§ **EXERCISE**
Search the material below for lines containing the string "else", and copy every one you find.

§ **MATERIAL FOR THIS TASK**
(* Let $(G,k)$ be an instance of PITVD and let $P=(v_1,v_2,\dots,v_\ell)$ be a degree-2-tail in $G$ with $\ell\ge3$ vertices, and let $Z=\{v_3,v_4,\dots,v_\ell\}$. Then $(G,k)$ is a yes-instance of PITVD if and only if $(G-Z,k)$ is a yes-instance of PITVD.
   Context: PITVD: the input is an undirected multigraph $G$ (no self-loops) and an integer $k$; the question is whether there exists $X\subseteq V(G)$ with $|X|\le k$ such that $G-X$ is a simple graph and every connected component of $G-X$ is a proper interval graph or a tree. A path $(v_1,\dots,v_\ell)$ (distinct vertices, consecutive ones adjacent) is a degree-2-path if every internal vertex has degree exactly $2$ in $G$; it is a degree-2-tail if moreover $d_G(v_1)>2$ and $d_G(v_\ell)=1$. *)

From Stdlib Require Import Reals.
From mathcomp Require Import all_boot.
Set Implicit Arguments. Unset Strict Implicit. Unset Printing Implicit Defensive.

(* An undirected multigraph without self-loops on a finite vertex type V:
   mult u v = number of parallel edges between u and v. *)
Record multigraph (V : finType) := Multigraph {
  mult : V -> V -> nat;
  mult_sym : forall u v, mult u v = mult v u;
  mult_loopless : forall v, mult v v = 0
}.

...

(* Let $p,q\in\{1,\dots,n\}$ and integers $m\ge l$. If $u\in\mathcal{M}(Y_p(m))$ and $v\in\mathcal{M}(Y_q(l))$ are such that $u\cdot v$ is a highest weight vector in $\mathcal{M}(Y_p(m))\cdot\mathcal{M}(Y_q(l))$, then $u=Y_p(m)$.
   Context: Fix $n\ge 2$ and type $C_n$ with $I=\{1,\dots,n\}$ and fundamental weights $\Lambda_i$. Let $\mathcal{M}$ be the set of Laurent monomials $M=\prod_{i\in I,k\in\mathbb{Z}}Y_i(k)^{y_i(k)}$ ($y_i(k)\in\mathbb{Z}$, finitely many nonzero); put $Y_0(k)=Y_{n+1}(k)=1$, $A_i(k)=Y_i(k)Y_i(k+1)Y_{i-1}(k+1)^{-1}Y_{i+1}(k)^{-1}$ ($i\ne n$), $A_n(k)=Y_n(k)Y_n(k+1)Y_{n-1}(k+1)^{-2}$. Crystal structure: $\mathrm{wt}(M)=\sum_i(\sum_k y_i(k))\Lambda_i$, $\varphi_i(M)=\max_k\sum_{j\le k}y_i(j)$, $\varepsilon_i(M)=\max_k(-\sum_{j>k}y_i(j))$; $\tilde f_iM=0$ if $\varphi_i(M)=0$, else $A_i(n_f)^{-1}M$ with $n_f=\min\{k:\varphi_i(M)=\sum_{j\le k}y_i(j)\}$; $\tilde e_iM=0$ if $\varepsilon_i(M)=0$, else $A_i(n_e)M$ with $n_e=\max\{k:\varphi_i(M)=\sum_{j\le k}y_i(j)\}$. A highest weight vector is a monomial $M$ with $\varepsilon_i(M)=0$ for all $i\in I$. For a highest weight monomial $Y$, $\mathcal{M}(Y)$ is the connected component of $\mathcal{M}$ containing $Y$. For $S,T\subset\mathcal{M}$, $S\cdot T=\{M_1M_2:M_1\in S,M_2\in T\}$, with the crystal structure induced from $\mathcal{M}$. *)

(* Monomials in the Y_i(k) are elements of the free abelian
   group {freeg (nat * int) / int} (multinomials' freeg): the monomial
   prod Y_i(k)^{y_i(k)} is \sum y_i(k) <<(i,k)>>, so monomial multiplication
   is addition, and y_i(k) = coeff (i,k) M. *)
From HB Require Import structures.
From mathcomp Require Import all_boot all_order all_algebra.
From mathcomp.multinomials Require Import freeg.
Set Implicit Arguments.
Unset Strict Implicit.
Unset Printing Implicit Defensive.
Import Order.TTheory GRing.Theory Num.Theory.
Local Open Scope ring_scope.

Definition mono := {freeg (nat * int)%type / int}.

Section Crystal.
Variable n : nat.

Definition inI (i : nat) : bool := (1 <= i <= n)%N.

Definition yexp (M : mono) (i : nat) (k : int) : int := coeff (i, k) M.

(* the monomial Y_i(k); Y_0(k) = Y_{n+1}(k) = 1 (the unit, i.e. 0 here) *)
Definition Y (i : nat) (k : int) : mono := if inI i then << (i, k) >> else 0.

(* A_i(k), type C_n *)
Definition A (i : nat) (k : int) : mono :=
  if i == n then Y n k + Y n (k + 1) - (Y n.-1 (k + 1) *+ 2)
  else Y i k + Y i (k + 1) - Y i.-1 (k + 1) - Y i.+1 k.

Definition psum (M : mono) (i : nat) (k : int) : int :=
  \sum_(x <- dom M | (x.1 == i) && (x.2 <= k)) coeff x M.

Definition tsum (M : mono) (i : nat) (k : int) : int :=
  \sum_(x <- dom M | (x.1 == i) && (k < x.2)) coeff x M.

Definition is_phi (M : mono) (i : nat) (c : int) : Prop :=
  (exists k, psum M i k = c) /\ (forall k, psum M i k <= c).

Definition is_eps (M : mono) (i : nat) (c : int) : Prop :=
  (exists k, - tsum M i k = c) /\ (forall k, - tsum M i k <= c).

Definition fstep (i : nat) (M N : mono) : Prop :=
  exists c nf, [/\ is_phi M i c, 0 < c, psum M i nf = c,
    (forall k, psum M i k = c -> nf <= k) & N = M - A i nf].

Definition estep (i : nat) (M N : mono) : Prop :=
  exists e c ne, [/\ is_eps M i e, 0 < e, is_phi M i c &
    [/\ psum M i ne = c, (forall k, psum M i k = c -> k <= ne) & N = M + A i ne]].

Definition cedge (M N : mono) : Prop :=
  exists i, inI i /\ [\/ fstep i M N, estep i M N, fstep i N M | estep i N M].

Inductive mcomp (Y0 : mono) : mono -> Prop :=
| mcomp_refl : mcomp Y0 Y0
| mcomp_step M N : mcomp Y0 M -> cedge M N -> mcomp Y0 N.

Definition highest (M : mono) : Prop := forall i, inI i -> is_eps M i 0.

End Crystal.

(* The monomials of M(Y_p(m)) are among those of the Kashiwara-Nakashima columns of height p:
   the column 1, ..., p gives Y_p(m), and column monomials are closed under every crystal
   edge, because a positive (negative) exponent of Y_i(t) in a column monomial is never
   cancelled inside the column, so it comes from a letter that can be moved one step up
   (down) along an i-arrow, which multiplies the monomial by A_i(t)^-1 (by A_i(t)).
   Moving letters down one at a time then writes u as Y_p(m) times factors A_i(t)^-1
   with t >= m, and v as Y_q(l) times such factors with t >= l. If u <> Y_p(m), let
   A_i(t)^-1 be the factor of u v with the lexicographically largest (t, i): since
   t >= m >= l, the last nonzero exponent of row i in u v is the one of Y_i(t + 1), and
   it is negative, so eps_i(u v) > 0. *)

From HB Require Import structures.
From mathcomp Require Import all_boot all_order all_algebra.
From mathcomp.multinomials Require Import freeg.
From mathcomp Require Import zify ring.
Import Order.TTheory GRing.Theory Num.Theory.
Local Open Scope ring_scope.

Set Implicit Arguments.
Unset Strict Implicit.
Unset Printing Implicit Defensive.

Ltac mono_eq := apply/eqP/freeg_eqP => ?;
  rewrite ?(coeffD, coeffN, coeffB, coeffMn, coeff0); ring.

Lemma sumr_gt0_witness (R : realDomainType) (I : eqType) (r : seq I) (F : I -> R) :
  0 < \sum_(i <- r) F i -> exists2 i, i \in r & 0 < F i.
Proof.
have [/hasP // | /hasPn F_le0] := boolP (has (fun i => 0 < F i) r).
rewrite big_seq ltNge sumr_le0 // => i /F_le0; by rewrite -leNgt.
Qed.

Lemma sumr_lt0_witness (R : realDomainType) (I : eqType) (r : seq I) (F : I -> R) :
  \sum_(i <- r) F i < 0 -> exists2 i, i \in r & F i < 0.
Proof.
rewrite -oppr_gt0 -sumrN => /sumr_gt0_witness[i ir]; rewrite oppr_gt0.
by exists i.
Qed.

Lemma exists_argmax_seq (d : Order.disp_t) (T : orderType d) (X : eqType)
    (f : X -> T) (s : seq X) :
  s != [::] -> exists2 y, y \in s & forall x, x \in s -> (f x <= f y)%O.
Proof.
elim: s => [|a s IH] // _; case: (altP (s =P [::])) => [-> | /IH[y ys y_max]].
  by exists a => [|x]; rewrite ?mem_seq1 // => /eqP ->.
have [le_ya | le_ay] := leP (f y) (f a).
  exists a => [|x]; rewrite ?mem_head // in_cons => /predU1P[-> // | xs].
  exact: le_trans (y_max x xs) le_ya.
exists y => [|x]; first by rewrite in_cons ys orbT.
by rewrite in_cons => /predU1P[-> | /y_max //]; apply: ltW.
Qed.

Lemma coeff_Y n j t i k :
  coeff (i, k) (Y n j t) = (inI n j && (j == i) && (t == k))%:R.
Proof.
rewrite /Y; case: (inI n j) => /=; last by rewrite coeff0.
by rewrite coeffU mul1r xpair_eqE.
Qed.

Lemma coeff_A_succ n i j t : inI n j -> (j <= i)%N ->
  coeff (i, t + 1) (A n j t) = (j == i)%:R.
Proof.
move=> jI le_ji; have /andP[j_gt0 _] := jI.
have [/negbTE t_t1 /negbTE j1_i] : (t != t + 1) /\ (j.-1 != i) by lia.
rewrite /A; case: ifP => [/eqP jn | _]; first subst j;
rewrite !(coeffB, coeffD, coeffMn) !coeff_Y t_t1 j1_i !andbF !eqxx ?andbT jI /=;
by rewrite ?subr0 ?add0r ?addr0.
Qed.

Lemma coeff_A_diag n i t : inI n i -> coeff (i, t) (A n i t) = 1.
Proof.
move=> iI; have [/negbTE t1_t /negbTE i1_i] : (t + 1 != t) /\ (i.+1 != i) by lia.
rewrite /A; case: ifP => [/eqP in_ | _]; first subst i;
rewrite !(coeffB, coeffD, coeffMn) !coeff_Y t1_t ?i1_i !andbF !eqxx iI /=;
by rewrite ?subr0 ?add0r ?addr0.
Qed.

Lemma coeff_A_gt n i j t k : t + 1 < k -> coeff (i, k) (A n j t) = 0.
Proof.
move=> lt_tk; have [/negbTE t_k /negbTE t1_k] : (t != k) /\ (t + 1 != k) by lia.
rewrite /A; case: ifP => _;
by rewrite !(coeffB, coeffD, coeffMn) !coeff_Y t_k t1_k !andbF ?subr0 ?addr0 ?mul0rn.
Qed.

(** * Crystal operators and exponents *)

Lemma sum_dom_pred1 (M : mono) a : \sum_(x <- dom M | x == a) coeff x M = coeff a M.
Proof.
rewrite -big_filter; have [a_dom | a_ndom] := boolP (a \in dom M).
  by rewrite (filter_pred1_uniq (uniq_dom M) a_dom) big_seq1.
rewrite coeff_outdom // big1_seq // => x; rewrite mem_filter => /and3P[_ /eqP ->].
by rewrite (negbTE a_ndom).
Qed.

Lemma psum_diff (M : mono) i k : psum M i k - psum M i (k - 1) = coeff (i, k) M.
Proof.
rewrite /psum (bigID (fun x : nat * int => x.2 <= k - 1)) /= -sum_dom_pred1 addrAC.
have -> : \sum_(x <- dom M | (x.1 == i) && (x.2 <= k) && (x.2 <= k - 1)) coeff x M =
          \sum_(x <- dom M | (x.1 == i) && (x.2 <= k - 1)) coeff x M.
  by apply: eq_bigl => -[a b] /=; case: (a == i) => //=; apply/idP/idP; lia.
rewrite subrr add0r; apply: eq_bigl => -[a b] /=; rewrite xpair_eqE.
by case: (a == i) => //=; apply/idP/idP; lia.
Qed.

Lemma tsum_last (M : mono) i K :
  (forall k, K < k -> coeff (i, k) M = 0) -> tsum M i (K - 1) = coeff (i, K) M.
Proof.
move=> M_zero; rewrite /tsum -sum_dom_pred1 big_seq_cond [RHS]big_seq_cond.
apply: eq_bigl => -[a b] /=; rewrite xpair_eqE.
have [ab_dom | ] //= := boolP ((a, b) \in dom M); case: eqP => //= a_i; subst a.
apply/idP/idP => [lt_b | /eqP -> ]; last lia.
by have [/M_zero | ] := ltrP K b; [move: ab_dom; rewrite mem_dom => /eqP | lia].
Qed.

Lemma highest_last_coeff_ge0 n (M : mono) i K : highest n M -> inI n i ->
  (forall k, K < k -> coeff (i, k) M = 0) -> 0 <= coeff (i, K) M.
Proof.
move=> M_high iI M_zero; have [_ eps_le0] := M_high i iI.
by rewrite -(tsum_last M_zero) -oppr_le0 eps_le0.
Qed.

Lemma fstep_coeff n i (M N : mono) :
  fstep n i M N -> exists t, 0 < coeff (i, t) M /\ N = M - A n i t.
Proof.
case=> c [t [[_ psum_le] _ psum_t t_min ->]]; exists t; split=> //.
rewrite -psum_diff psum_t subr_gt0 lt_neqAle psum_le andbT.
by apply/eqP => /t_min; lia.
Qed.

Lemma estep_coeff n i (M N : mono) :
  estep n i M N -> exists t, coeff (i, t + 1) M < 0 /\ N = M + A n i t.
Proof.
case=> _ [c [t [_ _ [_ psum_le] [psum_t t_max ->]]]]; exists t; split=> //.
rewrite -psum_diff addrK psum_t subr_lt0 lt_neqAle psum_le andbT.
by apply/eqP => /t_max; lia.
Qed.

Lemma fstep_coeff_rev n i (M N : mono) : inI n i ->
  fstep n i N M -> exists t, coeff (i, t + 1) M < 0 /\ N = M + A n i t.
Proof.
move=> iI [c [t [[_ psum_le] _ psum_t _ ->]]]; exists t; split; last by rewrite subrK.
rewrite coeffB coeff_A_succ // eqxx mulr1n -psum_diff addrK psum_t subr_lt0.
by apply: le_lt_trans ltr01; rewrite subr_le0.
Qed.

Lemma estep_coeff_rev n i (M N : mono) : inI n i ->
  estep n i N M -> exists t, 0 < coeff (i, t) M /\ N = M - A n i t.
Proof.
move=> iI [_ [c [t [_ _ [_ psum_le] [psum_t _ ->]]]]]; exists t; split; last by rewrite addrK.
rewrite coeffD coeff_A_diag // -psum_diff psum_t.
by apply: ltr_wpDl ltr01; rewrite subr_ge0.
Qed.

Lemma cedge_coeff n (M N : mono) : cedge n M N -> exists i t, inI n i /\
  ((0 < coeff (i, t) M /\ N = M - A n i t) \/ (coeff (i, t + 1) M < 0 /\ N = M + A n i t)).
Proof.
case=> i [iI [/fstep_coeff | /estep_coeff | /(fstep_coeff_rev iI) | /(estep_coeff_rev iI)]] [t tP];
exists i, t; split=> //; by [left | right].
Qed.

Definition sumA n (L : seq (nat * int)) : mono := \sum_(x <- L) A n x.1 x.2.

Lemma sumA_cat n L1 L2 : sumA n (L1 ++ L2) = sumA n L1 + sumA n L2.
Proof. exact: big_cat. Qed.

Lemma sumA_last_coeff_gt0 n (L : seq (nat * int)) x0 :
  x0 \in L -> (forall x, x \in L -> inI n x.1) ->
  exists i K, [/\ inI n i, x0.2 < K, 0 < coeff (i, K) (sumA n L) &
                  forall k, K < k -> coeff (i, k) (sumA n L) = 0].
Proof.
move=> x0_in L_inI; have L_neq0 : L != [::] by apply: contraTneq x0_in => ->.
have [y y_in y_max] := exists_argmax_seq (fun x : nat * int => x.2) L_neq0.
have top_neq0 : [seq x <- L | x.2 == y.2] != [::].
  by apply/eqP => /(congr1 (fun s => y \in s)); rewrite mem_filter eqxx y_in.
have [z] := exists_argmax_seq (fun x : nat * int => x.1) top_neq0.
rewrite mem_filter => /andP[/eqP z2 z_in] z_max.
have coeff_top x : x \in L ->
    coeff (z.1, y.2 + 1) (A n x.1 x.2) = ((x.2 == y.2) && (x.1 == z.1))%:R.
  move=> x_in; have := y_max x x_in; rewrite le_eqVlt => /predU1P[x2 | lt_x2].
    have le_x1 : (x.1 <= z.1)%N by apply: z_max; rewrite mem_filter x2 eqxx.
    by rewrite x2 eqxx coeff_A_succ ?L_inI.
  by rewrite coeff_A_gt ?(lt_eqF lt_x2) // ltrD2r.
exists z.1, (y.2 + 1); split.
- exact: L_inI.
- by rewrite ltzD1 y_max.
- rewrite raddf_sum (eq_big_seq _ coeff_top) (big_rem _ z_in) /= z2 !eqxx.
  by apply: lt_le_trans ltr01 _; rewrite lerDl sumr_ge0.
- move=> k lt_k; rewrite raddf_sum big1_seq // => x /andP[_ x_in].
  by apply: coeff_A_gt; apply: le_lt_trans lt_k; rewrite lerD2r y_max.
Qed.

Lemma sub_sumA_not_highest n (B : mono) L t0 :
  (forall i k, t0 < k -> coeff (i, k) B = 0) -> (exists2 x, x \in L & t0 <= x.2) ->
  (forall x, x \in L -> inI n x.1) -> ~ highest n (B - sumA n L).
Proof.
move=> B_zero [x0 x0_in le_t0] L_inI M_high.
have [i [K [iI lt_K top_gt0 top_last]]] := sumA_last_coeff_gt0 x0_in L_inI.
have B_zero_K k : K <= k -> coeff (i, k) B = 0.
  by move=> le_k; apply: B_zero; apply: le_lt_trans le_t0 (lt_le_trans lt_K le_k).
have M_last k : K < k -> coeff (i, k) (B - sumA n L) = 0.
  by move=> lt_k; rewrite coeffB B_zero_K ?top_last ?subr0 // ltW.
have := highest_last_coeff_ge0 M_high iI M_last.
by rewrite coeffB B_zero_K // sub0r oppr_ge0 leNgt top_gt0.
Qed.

...

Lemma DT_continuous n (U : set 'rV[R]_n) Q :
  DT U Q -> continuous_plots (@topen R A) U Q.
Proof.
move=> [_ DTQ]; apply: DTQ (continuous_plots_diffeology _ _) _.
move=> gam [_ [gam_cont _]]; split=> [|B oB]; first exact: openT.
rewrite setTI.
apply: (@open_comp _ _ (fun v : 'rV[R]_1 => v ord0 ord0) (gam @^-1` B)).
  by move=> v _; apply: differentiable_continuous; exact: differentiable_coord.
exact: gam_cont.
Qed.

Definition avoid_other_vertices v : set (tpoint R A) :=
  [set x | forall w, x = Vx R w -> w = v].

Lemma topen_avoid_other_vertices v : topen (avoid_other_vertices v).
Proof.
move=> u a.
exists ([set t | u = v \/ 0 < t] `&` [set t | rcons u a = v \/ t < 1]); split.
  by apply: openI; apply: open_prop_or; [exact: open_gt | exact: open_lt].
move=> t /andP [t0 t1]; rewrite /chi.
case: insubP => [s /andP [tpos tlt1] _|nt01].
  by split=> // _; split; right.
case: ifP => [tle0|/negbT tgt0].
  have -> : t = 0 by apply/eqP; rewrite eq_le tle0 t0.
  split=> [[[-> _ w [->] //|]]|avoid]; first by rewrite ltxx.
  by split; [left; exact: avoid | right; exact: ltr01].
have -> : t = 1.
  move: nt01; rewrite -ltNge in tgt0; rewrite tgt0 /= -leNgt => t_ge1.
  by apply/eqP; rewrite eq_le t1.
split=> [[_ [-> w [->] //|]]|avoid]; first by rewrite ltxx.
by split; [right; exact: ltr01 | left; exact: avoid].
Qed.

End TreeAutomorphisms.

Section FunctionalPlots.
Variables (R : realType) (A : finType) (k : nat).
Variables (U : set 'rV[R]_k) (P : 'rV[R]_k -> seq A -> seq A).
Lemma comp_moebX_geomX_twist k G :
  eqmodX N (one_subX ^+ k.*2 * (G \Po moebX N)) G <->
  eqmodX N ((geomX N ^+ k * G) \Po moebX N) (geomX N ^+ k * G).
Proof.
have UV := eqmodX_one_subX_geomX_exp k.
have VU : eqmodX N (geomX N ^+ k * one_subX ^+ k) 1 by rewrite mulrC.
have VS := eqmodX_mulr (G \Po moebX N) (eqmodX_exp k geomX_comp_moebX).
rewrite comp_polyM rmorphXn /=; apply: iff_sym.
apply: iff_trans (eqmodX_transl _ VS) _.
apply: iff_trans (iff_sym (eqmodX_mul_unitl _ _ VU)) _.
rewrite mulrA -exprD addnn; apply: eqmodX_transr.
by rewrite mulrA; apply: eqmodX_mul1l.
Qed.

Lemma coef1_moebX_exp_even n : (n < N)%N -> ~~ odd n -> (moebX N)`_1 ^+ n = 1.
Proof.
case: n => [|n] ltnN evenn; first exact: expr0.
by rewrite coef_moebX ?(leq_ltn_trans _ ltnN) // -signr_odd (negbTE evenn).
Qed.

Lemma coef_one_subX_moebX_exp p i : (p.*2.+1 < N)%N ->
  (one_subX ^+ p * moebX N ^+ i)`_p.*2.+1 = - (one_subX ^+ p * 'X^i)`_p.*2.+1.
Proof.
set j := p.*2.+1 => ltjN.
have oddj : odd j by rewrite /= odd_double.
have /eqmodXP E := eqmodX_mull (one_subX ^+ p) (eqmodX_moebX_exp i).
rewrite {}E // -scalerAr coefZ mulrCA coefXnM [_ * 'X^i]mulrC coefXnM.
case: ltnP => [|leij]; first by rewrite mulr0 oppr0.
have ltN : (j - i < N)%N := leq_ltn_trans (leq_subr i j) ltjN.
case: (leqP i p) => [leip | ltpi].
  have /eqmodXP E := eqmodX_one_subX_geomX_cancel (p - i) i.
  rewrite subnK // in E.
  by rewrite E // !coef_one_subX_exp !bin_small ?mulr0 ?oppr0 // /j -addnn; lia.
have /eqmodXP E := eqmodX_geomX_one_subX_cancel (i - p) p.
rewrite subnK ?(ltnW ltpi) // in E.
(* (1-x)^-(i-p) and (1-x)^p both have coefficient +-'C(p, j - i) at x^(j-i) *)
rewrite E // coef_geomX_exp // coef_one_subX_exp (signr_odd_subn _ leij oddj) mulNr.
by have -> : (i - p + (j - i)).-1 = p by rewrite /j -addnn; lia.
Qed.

§ **RESPONSE FOR THIS EXERCISE**
   Context: Fix $n\ge 2$ and type $C_n$ with $I=\{1,\dots,n\}$ and fundamental weights $\Lambda_i$. Let $\mathcal{M}$ be the set of Laurent monomials $M=\prod_{i\in I,k\in\mathbb{Z}}Y_i(k)^{y_i(k)}$ ($y_i(k)\in\mathbb{Z}$, finitely many nonzero); put $Y_0(k)=Y_{n+1}(k)=1$, $A_i(k)=Y_i(k)Y_i(k+1)Y_{i-1}(k+1)^{-1}Y_{i+1}(k)^{-1}$ ($i\ne n$), $A_n(k)=Y_n(k)Y_n(k+1)Y_{n-1}(k+1)^{-2}$. Crystal structure: $\mathrm{wt}(M)=\sum_i(\sum_k y_i(k))\Lambda_i$, $\varphi_i(M)=\max_k\sum_{j\le k}y_i(j)$, $\varepsilon_i(M)=\max_k(-\sum_{j>k}y_i(j))$; $\tilde f_iM=0$ if $\varphi_i(M)=0$, else $A_i(n_f)^{-1}M$ with $n_f=\min\{k:\varphi_i(M)=\sum_{j\le k}y_i(j)\}$; $\tilde e_iM=0$ if $\varepsilon_i(M)=0$, else $A_i(n_e)M$ with $n_e=\max\{k:\varphi_i(M)=\sum_{j\le k}y_i(j)\}$. A highest weight vector is a monomial $M$ with $\varepsilon_i(M)=0$ for all $i\in I$. For a highest weight monomial $Y$, $\mathcal{M}(Y)$ is the connected component of $\mathcal{M}$ containing $Y$. For $S,T\subset\mathcal{M}$, $S\cdot T=\{M_1M_2:M_1\in S,M_2\in T\}$, with the crystal structure induced from $\mathcal{M}$. *)
Definition Y (i : nat) (k : int) : mono := if inI i then << (i, k) >> else 0.
  else Y i k + Y i (k + 1) - Y i.-1 (k + 1) - Y i.+1 k.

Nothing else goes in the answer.